Background:Let $X =\{P_1,...P_s\}$ be a set of $s$ distinct points of $\mathbb{P}^{n}= \operatorname{Proj}(K[x_0,....,x_n])$, then we know that $P_i$ are homogeneous prime ideals $\mathcal P_i$ which does not contain irrelevant maximal ideal.
Question: why $\operatorname{ht}(\mathcal P_i) = n $?
Guess: we know that $$\operatorname{ht}(\mathcal P_i) + \dim K[x_0,....,x_n]/\mathcal P_i = \dim K[x_0,....,x_n] =n+1,$$ but why $\dim K[x_0,....,x_n]/\mathcal P_i = 1$?
Any help from anyone is welcome.
Consider the affine cone $\Bbb A^{n+1}$ on $\Bbb P^n$. Here, the $\mathcal{P}_i$ define lines through the origin, which are schemes of dimension one (they're isomorphic to $\operatorname{Spec} F[x]$ for $K\subset F$ a possibly-trivial algebraic extension). So $\dim K[x_0,\cdots,x_n]/\mathcal{P_i} = \dim F[x] = 1$.
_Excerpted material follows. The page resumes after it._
(* Consider the two-dimensional forward Euler finite difference scheme $\mathbf{u}_{ij}^{n+1}=\mathbf{u}_{ij}^n-\lambda^x(\mathbf{f}_{i+1/2,j}-\mathbf{f}_{i-1/2,j})-\lambda^y(\mathbf{g}_{i,j+1/2}-\mathbf{g}_{i,j-1/2})$, $\lambda^x=\Delta t/\Delta x$, $\lambda^y=\Delta t/\Delta y$, with numerical fluxes $\mathbf{f}_{i+1/2,j}=\alpha^x_{i+1/2,j}(\mathbf{w}^{x,+}_{i+1/2,j}-\mathbf{w}^{x,-}_{i+1/2,j})$ and $\mathbf{g}_{i,j+1/2}=\alpha^y_{i,j+1/2}(\mathbf{w}^{y,+}_{i,j+1/2}-\mathbf{w}^{y,-}_{i,j+1/2})$, where $\mathbf{w}^{x,\pm}_{i+1/2,j},\mathbf{w}^{y,\pm}_{i,j+1/2}\in\mathbb{R}^6$ are given interface values, $\alpha^x_{i+1/2,j}=\max\{\alpha^x(\mathbf{u}^n_{ij}),\alpha^x(\mathbf{u}^n_{i+1,j})\}$, $\alpha^y_{i,j+1/2}=\max\{\alpha^y(\mathbf{u}^n_{ij}),\alpha^y(\mathbf{u}^n_{i,j+1})\}$. Let $\mathbf{w}^{x,\pm}_{ij}=\mathbf{w}^{x,\pm}(\mathbf{u}^n_{ij})$, $\mathbf{w}^{y,\pm}_{ij}=\mathbf{w}^{y,\pm}(\mathbf{u}^n_{ij})$, and $\mathbf{q}^{x,+,*}_{ij}=\frac{1}{1-\hat w_N}(\mathbf{w}^{x,+}_{ij}-\hat w_N\mathbf{w}^{x,+}_{i+1/2,j})$, $\mathbf{q}^{x,-,*}_{ij}=\frac{1}{1-\hat w_1}(\mathbf{w}^{x,-}_{ij}-\hat w_1\mathbf{w}^{x,-}_{i-1/2,j})$, $\mathbf{q}^{y,+,*}_{ij}=\frac{1}{1-\hat w_N}(\mathbf{w}^{y,+}_{ij}-\hat w_N\mathbf{w}^{y,+}_{i,j+1/2})$, $\mathbf{q}^{y,-,*}_{ij}=\frac{1}{1-\hat w_1}(\mathbf{w}^{y,-}_{ij}-\hat w_1\mathbf{w}^{y,-}_{i,j-1/2})$. Assume that for all $i,j$: (1) $\mathbf{u}^n_{ij}\in\mathbb{U}_{\mathrm{ad}}$; (2) $\mathbf{q}^{x,\pm,*}_{ij}\in\mathbb{U}_{\mathrm{ad}}$ and $\mathbf{w}^{x,\pm}_{i+1/2,j}\in\mathbb{U}_{\mathrm{ad}}$; (3) $\mathbf{q}^{y,\pm,*}_{ij}\in\mathbb{U}_{\mathrm{ad}}$ and $\mathbf{w}^{y,\pm}_{i,j+1/2}\in\mathbb{U}_{\mathrm{ad}}$. Then the scheme is positivity preserving, i.e. $\mathbf{u}^{n+1}_{ij}\in\mathbb{U}_{\mathrm{ad}}$ for all $i,j$, provided $\left(\frac{\alpha^x}{\Delta x}+\frac{\alpha^y}{\Delta y}\right)\Delta t\le\hat w_1$, where $\alpha^x=\max_{i,j}\alpha^x(\mathbf{u}^n_{ij})$ and $\alpha^y=\max_{i,j}\alpha^y(\mathbf{u}^n_{ij})$.
   Context: Ten-Moment equations in 2-D: conservative variable $\mathbf{u}=(\rho,\rho v_1,\rho v_2,E_{11},E_{12},E_{22})^\top$; pressure components $p_{11}=2E_{11}-\rho v_1^2$, $p_{12}=2E_{12}-\rho v_1v_2$, $p_{22}=2E_{22}-\rho v_2^2$; $\mathbb{U}_{\mathrm{ad}}=\{\mathbf{u}:\rho>0,\ \mathbf{p}\text{ positive definite}\}$. Fluxes: $\mathbf{f}(\mathbf{u})=\big(\rho v_1,\ \rho v_1^2+p_{11},\ \rho v_1v_2+p_{12},\ (E_{11}+p_{11})v_1,\ E_{12}v_1+\tfrac12(p_{11}v_2+p_{12}v_1),\ E_{22}v_1+p_{12}v_2\big)^\top$ and $\mathbf{g}(\mathbf{u})=\big(\rho v_2,\ \rho v_1v_2+p_{12},\ \rho v_2^2+p_{22},\ E_{11}v_2+p_{12}v_1,\ E_{12}v_2+\tfrac12(p_{12}v_2+p_{22}v_1),\ (E_{22}+p_{22})v_2\big)^\top$. Wave speeds $\alpha^x(\mathbf{u})=|v_1|+\sqrt{3p_{11}/\rho}$, $\alpha^y(\mathbf{u})=|v_2|+\sqrt{3p_{22}/\rho}$. $\mathbf{w}^{x,\pm}(\mathbf{u})=\frac12(\mathbf{u}\pm\mathbf{f}(\mathbf{u})/\alpha^x(\mathbf{u}))$, $\mathbf{w}^{y,\pm}(\mathbf{u})=\frac12(\mathbf{u}\pm\mathbf{g}(\mathbf{u})/\alpha^y(\mathbf{u}))$. Uniform rectangular mesh with nodes $(x_i,y_j)$, spacings $\Delta x,\Delta y$. $\hat w_1,\dots,\hat w_N$ are the normalized weights of the $N$-point Gauss–Lobatto rule with $N\ge4$, so $\hat w_1=\hat w_N$ (for $N=4$, $\hat w_1=1/12$). In the paper the interface values are $\mathbf{w}^{x,\pm}_{i+1/2,j}=\pm\mathbf{f}^\pm_{i+1/2,j}/\alpha^x_{i+1/2,j}$ with $\mathbf{f}^\pm_{i+1/2,j}$ WENO reconstructions of the split fluxes $\frac12(\mathbf{f}(\mathbf{u})\pm\alpha^x_{i+1/2,j}\mathbf{u})$ (similarly in $y$), possibly modified by a scaling limiter. *)

From Stdlib Require Import Reals ZArith.
Open Scope R_scope.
You can also show this directly: if $\mathcal{P}_i$ is the ideal associated to the point $[a_0:a_1:\cdots:a_n]$, you can pick generators for the ideal as $a_ix_j-a_jx_i$. Pick some $i$ so that $a_i$ is nonzero (there must be at least one by the definition of projective space), then enforce that relation to see that you can eliminate the $x_j$ for $j\neq i$ and end up with the ring $K[x_i]$. This requires modest modifications for a non-$K$-rational point, but the idea is the same.